* The task
Take each line below that has "exists" and copy it.

Data provided Start Marker

Lemma theta_cong_inv G x y :
  kq_cong ss st (map th G) (th x) (th y) -> kq_cong src tgt G x y.
Proof.
rewrite /kq_cong -theta_sub => -[ts E].
exists [seq (t.1.1.1, ust t.1.1.2, t.1.2, ust t.2)
         | t <- ts & corner t.1.1.2 && corner t.2].
move=> p; rewrite -coef_theta_path E !coef_flatten !big_map big_filter [RHS]big_mkcond.
by apply: eq_bigr => -[[[a u] i] w] _; rewrite coef_ideal_term_theta.
Qed.

Definition unstretch z : kq K V Ar := [seq (e.1, ust e.2) | e <- z & corner e.2].

Lemma coef_unstretch z p : coef src tgt (unstretch z) p = coef ss st z (thp p).
Proof.
rewrite /coef /unstretch big_map big_filter_cond valid_theta_path; case: ifP => // Vp.
apply: eq_bigl => e /=; apply/andP/eqP => [[ce /eqP <-]|->].
  by rewrite (unstretch_pathK ce).
by rewrite corner_theta_path Vp theta_pathK.
Qed.

Lemma coef_epsilon z q :
  coef ss st (kq_mul ss st (kq_mul ss st eps z) eps) q =
  if corner q then coef ss st z q else 0.
Proof.
have -> : eps = kq_idem K SAr old.
  by rewrite /epsilon /kq_idem /old_vertices; elim: (enum V) => //= v s ->.
by rewrite coef_corner // uniq_old_vertices.
Qed.

Lemma stretch_corner_iso G : corner_iso src tgt G ss st (map th G) eps.
Proof.
exists th; split; first exact: theta_cong.
split; first by move=> x y; apply: kq_eq_cong => q; rewrite theta_cat.
split; first by move=> a x; apply: kq_eq_cong => q; rewrite theta_scale.
split; first by move=> x y; apply: kq_eq_cong => q; rewrite theta_mul.
split; first by apply: kq_eq_cong => q; rewrite theta_kq1.
split; first by move=> x; apply: kq_eq_cong => q; rewrite coef_epsilon coef_theta; case: ifP.
split; first by move=> x; apply: (theta_cong_inv (y := kq0 K V Ar)).
move=> z; exists (unstretch z); apply: kq_eq_cong => q.
rewrite coef_epsilon coef_theta; case: ifP => // cq.
by rewrite coef_unstretch (unstretch_pathK cq).
Qed.

End StretchedAlgebra.

Theorem theorem1p9 (K : fieldType) (V Ar : finType) (src tgt : Ar -> V)
  (G : seq (kq K V Ar)) (A : nat) :
  (forall g, g \in G -> uniform src tgt g) ->
  admissible src tgt G ->
  minimal_gens src tgt G ->
  fin_dim_quot src tgt G ->
  (1 <= A)%N ->
  corner_iso src tgt G
    (@s_src V Ar src A) (@s_tgt V Ar tgt A) [seq theta A g | g <- G]
    (epsilon K V Ar A).
Proof.
move=> _ _ _ _; case: A => [//|n] _.
exact: stretch_corner_iso.
Qed.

Data provided End Marker

* Solution to this exercise
exists [seq (t.1.1.1, ust t.1.1.2, t.1.2, ust t.2)
exists th; split; first exact: theta_cong.
move=> z; exists (unstretch z); apply: kq_eq_cong => q.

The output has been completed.